(* Let $k\ge1$ and let $M_k$ be the set of LTI probability measures on $X_k=\{0,1\}^{\{0,\ldots,k\}}$. Then: (i) the map ${\cal C}\mapsto\nu_{\cal C}$ is a bijection from the set of cycles of the de Bruijn graph $G_k$ onto the set of $k$-primitive BPC measures on $\{0,1\}^{\mathbb{Z}}$; (ii) the extreme points of the convex polytope $M_k$ are exactly the measures $\pi_k\nu_{\cal C}$ with ${\cal C}$ a cycle of $G_k$; (iii) every $\mu_k\in M_k$ equals $\pi_k\nu$ for some finite convex combination $\nu$ of $k$-primitive BPC measures $\nu_{\cal C}$; in particular every $\mu_k\in M_k$ has a translation invariant extension to $\{0,1\}^{\mathbb{Z}}$ which is a PC measure.
   Context: LTI: for all subsets $A,A'\subset\{0,\ldots,k\}$ with $A'$ a translate of $A$, the marginal on $\{0,1\}^{A'}$ is the translate of the marginal on $\{0,1\}^A$. $\pi_k\nu$ is the marginal of a measure $\nu$ on $\{0,1\}^{\mathbb{Z}}$ on the coordinates $0,\ldots,k$. The binary de Bruijn graph $G_k$ of order $k$ is the directed graph whose vertices are the binary strings of length $k$ and whose edges are the binary strings of length $k+1$, the edge $a\theta b$ ($a,b\in\{0,1\}$, $\theta$ a string of length $k-1$) going from vertex $a\theta$ to vertex $\theta b$ (so there are loops at $0^k$ and $1^k$). A cycle is a closed directed path with no repeated vertex (loops count as cycles), considered up to cyclic rotation of its starting point. For a minimal closed path $P$ with edges $\eta^{(1)},\ldots,\eta^{(p)}$ in order (minimal meaning it is not a repetition of a shorter closed path), the associated periodic configuration is obtained by traversing $P$ repeatedly and recording the first symbol $\eta^{(j)}_0$ of each edge, and $\nu_P$ is the measure giving mass $1/p$ to each of the $p$ translates of this configuration. A PC measure is a translation invariant probability measure on $\{0,1\}^{\mathbb{Z}}$ supported on periodic configurations; a BPC measure is one giving mass $1/p$ to each of the $p$ translates of a single configuration of minimal period $p$. A periodic configuration $\eta$ of minimal period $p$ (and its BPC measure) is $k$-primitive if $\eta_i\cdots\eta_{i+k-1}=\eta_j\cdots\eta_{j+k-1}$ only when $p$ divides $j-i$. *)

From HB Require Import structures.
From mathcomp Require Import all_boot all_order all_algebra.
Set Implicit Arguments. Unset Strict Implicit. Unset Printing Implicit Defensive.
Import Order.TTheory GRing.Theory Num.Theory.
Local Open Scope ring_scope.

Definition config := int -> bool.

Definition is_period (eta : config) (p : nat) : Prop :=
  forall i : int, eta (i + p%:Z) = eta i.

Definition min_period (eta : config) (p : nat) : Prop :=
  [/\ (0 < p)%N, is_period eta p &
      forall q : nat, (0 < q)%N -> is_period eta q -> (p <= q)%N].

(* A probability measure on {0,1}^Z is represented by its values on the
   cylinder sets  { eta | eta_(n+j) = w_j for all j < size w }  (n : int,
   w : seq bool).  Cylinder sets form a pi-system generating the product
   sigma-algebra, so two measures are equal iff these functions are equal. *)
Definition cylmeasure (R : Type) := int -> seq bool -> R.

Definition in_cyl (eta : config) (m : int) (n : int) (w : seq bool) : bool :=
  [forall j : 'I_(size w), eta (m + n + (j : nat)%:Z) == nth false w j].

(* The measure giving mass 1/p to each of the p translates eta(. + m),
   0 <= m < p, of a configuration eta of period p. *)
Definition bpc_of (R : realFieldType) (eta : config) (p : nat) : cylmeasure R :=
  fun n w => (#|[set m : 'I_p | in_cyl eta (m : nat)%:Z n w]|%:R) / p%:R.

Definition is_BPC (R : realFieldType) (nu : cylmeasure R) : Prop :=
  exists (eta : config) (p : nat), min_period eta p /\ nu = bpc_of R eta p.

Definition k_primitive (k : nat) (eta : config) (p : nat) : Prop :=
  forall i j : int,
    (forall l : nat, (l < k)%N -> eta (i + l%:Z) = eta (j + l%:Z)) ->
    (p%:Z %| j - i)%Z.

Definition is_kprim_BPC (R : realFieldType) (k : nat) (nu : cylmeasure R) : Prop :=
  exists (eta : config) (p : nat),
    [/\ min_period eta p, k_primitive k eta p & nu = bpc_of R eta p].

(* vertices: k.-tuple bool; edge a.theta -> theta.b *)
Definition dB_edge (k : nat) (u v : k.-tuple bool) : bool :=
  drop 1 (val u) == take k.-1 (val v).

(* A cycle, given by the list of its vertices in order (nonempty, no repeated
   vertex, consecutive vertices -- cyclically -- joined by an edge).  Since
   there is at most one edge between two vertices, this determines the cycle.
   Cycles are considered up to rotation (see theorem3). *)
Definition dB_cycle (k : nat) (c : seq (k.-tuple bool)) : bool :=
  [&& c != [::], uniq c & cycle (@dB_edge k) c].

(* The periodic configuration associated with the cycle: record the first
   symbol of each edge, i.e. the first symbol of each source vertex. *)
Definition cycle_config (k : nat) (c : seq (k.-tuple bool)) : config :=
  fun i => nth false [seq nth false (val v) 0 | v <- c]
                     (absz (i %% (size c)%:Z)%Z).

Definition nu_C (R : realFieldType) (k : nat) (c : seq (k.-tuple bool)) : cylmeasure R :=
  bpc_of R (cycle_config c) (size c).

Definition Xk (k : nat) := (k.+1).-tuple bool.

Definition pi_k (R : realFieldType) (k : nat) (nu : cylmeasure R) : {ffun Xk k -> R} :=
  [ffun x : Xk k => nu 0 (val x)].

(* local translation invariance: for A a subset of {0..k} and A' = A + t also
   inside {0..k}, the marginal on A' is the translate of the marginal on A. *)
Definition LTI (R : realFieldType) (k : nat) (mu : {ffun Xk k -> R}) : Prop :=
  forall (A : {set 'I_k.+1}) (t : nat) (y : nat -> bool),
    (forall i : 'I_k.+1, i \in A -> (i + t <= k)%N) ->
    \sum_(x : Xk k | [forall i in A, tnth x i == y i]) mu x =
    \sum_(x : Xk k | [forall i in A, nth false (val x) (i + t) == y i]) mu x.

Definition in_Mk (R : realFieldType) (k : nat) (mu : {ffun Xk k -> R}) : Prop :=
  [/\ forall x, 0 <= mu x, \sum_x mu x = 1 & LTI mu].

Definition extreme_Mk (R : realFieldType) (k : nat) (mu : {ffun Xk k -> R}) : Prop :=
  in_Mk mu /\
  forall (a b : {ffun Xk k -> R}) (t : R),
    in_Mk a -> in_Mk b -> 0 < t < 1 ->
    (forall x, mu x = t * a x + (1 - t) * b x) -> a = b.

Definition comb_nuC (R : realFieldType) (k : nat)
    (s : seq (R * seq (k.-tuple bool))) : cylmeasure R :=
  fun n w => \sum_(cw <- s) cw.1 * nu_C R cw.2 n w.

From HB Require Import structures.
From mathcomp Require Import all_boot all_order all_algebra zify ring lra.
From Stdlib Require Import FunctionalExtensionality.
Import Order.TTheory GRing.Theory Num.Theory.
Local Open Scope ring_scope.
Set Implicit Arguments. Unset Strict Implicit. Unset Printing Implicit Defensive.

(* An element of M_k is a nonnegative circulation on the de Bruijn graph G_k:
   the words of length k+1 are its edges, and local translation invariance
   says that at every vertex the mass leaving equals the mass entering.  The
   marginal of nu_C is the uniform flow on the edges of C.  Following edges
   of positive mass from any such edge must close up, so the support of a
   nonzero circulation contains a cycle C; subtracting the largest multiple of
   pi_k nu_C that keeps the flow nonnegative kills an edge, and induction on
   the size of the support gives (iii).  A circulation supported on a single
   cycle is constant along it, which makes pi_k nu_C extreme; an extreme point
   equals the cycle peeled off from it, which gives (ii).  For (i), the length
   k windows of the configuration of C are the vertices of C in order, hence
   k-primitivity, and the windows of a k-primitive configuration of minimal
   period p form a cycle of length p. *)

Lemma nth_rot_mod (T : Type) (x0 : T) (s : seq T) n j :
  (n <= size s)%N -> (j < size s)%N ->
  nth x0 (rot n s) j = nth x0 s ((n + j) %% size s).
Proof.
move=> hn hj; rewrite /rot nth_cat size_drop.
case: ltnP => h.
- by rewrite nth_drop modn_small //; lia.
- rewrite nth_take; last lia.
  have -> : (n + j = size s + (j - (size s - n)))%N by lia.
  by rewrite modnDl modn_small; [congr nth; lia | lia].
Qed.

Lemma cycle_nthP (T : Type) (x0 : T) (e : rel T) (c : seq T) :
  cycle e c <-> (forall j, (j < size c)%N -> e (nth x0 c j) (nth x0 c (j.+1 %% size c))).
Proof.
case: c => [|x p] //=.
have Hn j : (j < (size p).+1)%N ->
   nth x0 (x :: rcons p x) j = nth x0 (x :: p) j /\
   nth x0 (rcons p x) j = nth x0 (x :: p) (j.+1 %% (size p).+1).
  move=> hj; rewrite -rcons_cons !nth_rcons /= hj.
  case: ltnP => hjp; first by rewrite modn_small.
  have -> : j = size p by lia.
  by rewrite eqxx modnn.
split.
- move/(pathP x0) => H j hj; have := H j; rewrite size_rcons => /(_ hj).
  by case: (Hn j hj) => -> ->.
- move=> H; apply/(pathP x0) => j; rewrite size_rcons => hj.
  by case: (Hn j hj) => -> ->; apply: H.
Qed.

Lemma modz_absz (p : nat) (i : int) : (0 < p)%N -> (i %% p%:Z)%Z = `|(i %% p%:Z)%Z|%N%:Z.
Proof. by move=> p0; rewrite gez0_abs // modz_ge0 // lt0n_neq0. Qed.

Lemma ltn_absz_modz (p : nat) (i : int) : (0 < p)%N -> (`|(i %% p%:Z)%Z| < p)%N.
Proof.
move=> p0; have : ((i %% p%:Z)%Z < p%:Z) by rewrite ltz_pmod // ltz_nat.
by rewrite modz_absz // ltz_nat.
Qed.

Lemma eq_tuple_nth (T : Type) (x0 : T) (n : nat) (u v : n.-tuple T) :
  (forall l, (l < n)%N -> nth x0 u l = nth x0 v l) -> u = v.
Proof.
move=> H; apply/val_inj/(eq_from_nth (x0:=x0)); first by rewrite !size_tuple.
by move=> l; rewrite size_tuple; apply: H.
Qed.

Lemma sum_nat_shift (g : nat -> nat) (p s : nat) : (forall m, g (m + p)%N = g m) ->
  (\sum_(m < p) g (m + s)%N = \sum_(m < p) g m)%N.
Proof.
move=> hg; elim: s => [|s IH]; first by apply: eq_bigr => m _; rewrite addn0.
rewrite -IH; case: p hg {IH} => [|p] hg; first by rewrite !big_ord0.
rewrite big_ord_recr big_ord_recl /= addnC; congr (_ + _)%N.
  by rewrite -(hg (0 + s)%N); congr g; lia.
by apply: eq_bigr => i _; rewrite /bump /= add1n addnS addSn.
Qed.

Lemma sum_nat_neq0P (p : nat) (P : pred 'I_p) :
  reflect (exists m, P m) (\sum_(m < p) nat_of_bool (P m) != 0)%N.
Proof.
apply: (iffP idP) => [|[m Pm]]; last by rewrite (bigD1 m) //= Pm.
case: (pickP P) => [m Pm|H]; first by exists m.
by rewrite big1 ?eqxx // => m _; rewrite H.
Qed.

Lemma big_pred1_support (R : realFieldType) (T : finType) (P : pred T) (G : T -> R) x0 :
  P x0 -> (forall x, P x -> x != x0 -> G x = 0) -> \sum_(x | P x) G x = G x0.
Proof.
move=> P0 H; rewrite (bigD1 x0) //= big1 ?addr0 // => x /andP[]; exact: H.
Qed.

(** * Periodic configurations and their windows *)

Section Periodic.
Variables (eta : config) (p : nat).
Hypothesis eta_p : is_period eta p.

Lemma is_periodMn (i : int) (n : nat) : eta (i + n%:Z * p%:Z) = eta i.
Proof.
elim: n => [|n IH]; first by rewrite mul0r addr0.
by rewrite -[in RHS]IH -[in RHS]eta_p; congr eta; rewrite intS; ring.
Qed.

Lemma is_periodMz (i z : int) : eta (i + z * p%:Z) = eta i.
Proof.
case: (intP z) => [|n|n]; first by rewrite mul0r addr0.
- exact: is_periodMn.
- by rewrite -(is_periodMn _ n.+1); congr eta; ring.
Qed.

Lemma is_period_modz (i : int) : eta i = eta (i %% p%:Z)%Z.
Proof. by rewrite {1}(divz_eq i p) addrC is_periodMz. Qed.

End Periodic.

Definition wseq (eta : config) (i : int) (n : nat) : seq bool :=
  [seq eta (i + j%:Z) | j <- iota 0 n].

Lemma size_wseq eta i n : size (wseq eta i n) = n.
Proof. by rewrite size_map size_iota. Qed.

Lemma nth_wseq eta i n l : (l < n)%N -> nth false (wseq eta i n) l = eta (i + l%:Z).
Proof. by move=> h; rewrite (nth_map 0%N) ?size_iota // nth_iota. Qed.

Definition window (eta : config) (n : nat) (i : int) : n.-tuple bool :=
  @Tuple n bool (wseq eta i n) (introT eqP (size_wseq eta i n)).

Lemma in_cyl_wseq eta m n w : in_cyl eta m n w = (wseq eta (m + n) (size w) == w).
Proof.
apply/forallP/eqP => [H|<- j].
- apply: (eq_from_nth (x0:=false)); rewrite size_wseq // => l hl.
  by rewrite nth_wseq //; apply/eqP/(H (Ordinal hl)).
- by have := ltn_ord j; rewrite {2}size_wseq => hj; rewrite nth_wseq.
Qed.

Lemma in_cyl_window eta k m (x : Xk k) : in_cyl eta m 0 (val x) = (window eta k.+1 m == x).
Proof. by rewrite in_cyl_wseq addr0 size_tuple. Qed.

Section BPC.
Variable R : realFieldType.

Lemma bpc_of_sum eta p n w :
  bpc_of R eta p n w = (\sum_(m < p) in_cyl eta m n w : nat)%:R / p%:R.
Proof. by rewrite /bpc_of -sum1dep_card big_mkcond. Qed.

Lemma bpc_of_shift eta p s : is_period eta p ->
  bpc_of R (fun z => eta (z + s%:Z)) p = bpc_of R eta p.
Proof.
move=> eta_p; apply: functional_extensionality => n.
apply: functional_extensionality => w.
rewrite !bpc_of_sum; congr (_%:R / _).
rewrite -(@sum_nat_shift (fun m : nat => nat_of_bool (in_cyl eta m%:Z n w)) p s).
  apply: eq_bigr => m _; congr nat_of_bool; apply: eq_forallb => j.
  by rewrite PoszD; congr (eta _ == _); ring.
move=> m; congr nat_of_bool; apply: eq_forallb => j.
by rewrite PoszD -[in RHS]eta_p; congr (eta _ == _); ring.
Qed.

-- -- --

▶ THE PROBLEM: The lines above starting at the one that contains "Definition pi_k (R" and ending at the one that contains "k windows of" must be transcribed exactly, and no other lines may appear.

▶ WRITTEN REPLY:
Definition pi_k (R : realFieldType) (k : nat) (nu : cylmeasure R) : {ffun Xk k -> R} :=
  [ffun x : Xk k => nu 0 (val x)].

(* local translation invariance: for A a subset of {0..k} and A' = A + t also
   inside {0..k}, the marginal on A' is the translate of the marginal on A. *)
Definition LTI (R : realFieldType) (k : nat) (mu : {ffun Xk k -> R}) : Prop :=
  forall (A : {set 'I_k.+1}) (t : nat) (y : nat -> bool),
    (forall i : 'I_k.+1, i \in A -> (i + t <= k)%N) ->
    \sum_(x : Xk k | [forall i in A, tnth x i == y i]) mu x =
    \sum_(x : Xk k | [forall i in A, nth false (val x) (i + t) == y i]) mu x.

Definition in_Mk (R : realFieldType) (k : nat) (mu : {ffun Xk k -> R}) : Prop :=
  [/\ forall x, 0 <= mu x, \sum_x mu x = 1 & LTI mu].

Definition extreme_Mk (R : realFieldType) (k : nat) (mu : {ffun Xk k -> R}) : Prop :=
  in_Mk mu /\
  forall (a b : {ffun Xk k -> R}) (t : R),
    in_Mk a -> in_Mk b -> 0 < t < 1 ->
    (forall x, mu x = t * a x + (1 - t) * b x) -> a = b.

Definition comb_nuC (R : realFieldType) (k : nat)
    (s : seq (R * seq (k.-tuple bool))) : cylmeasure R :=
  fun n w => \sum_(cw <- s) cw.1 * nu_C R cw.2 n w.

From HB Require Import structures.
From mathcomp Require Import all_boot all_order all_algebra zify ring lra.
From Stdlib Require Import FunctionalExtensionality.
Import Order.TTheory GRing.Theory Num.Theory.
Local Open Scope ring_scope.
Set Implicit Arguments. Unset Strict Implicit. Unset Printing Implicit Defensive.

(* An element of M_k is a nonnegative circulation on the de Bruijn graph G_k:
   the words of length k+1 are its edges, and local translation invariance
   says that at every vertex the mass leaving equals the mass entering.  The
   marginal of nu_C is the uniform flow on the edges of C.  Following edges
   of positive mass from any such edge must close up, so the support of a
   nonzero circulation contains a cycle C; subtracting the largest multiple of
   pi_k nu_C that keeps the flow nonnegative kills an edge, and induction on
   the size of the support gives (iii).  A circulation supported on a single
   cycle is constant along it, which makes pi_k nu_C extreme; an extreme point
   equals the cycle peeled off from it, which gives (ii).  For (i), the length
   k windows of the configuration of C are the vertices of C in order, hence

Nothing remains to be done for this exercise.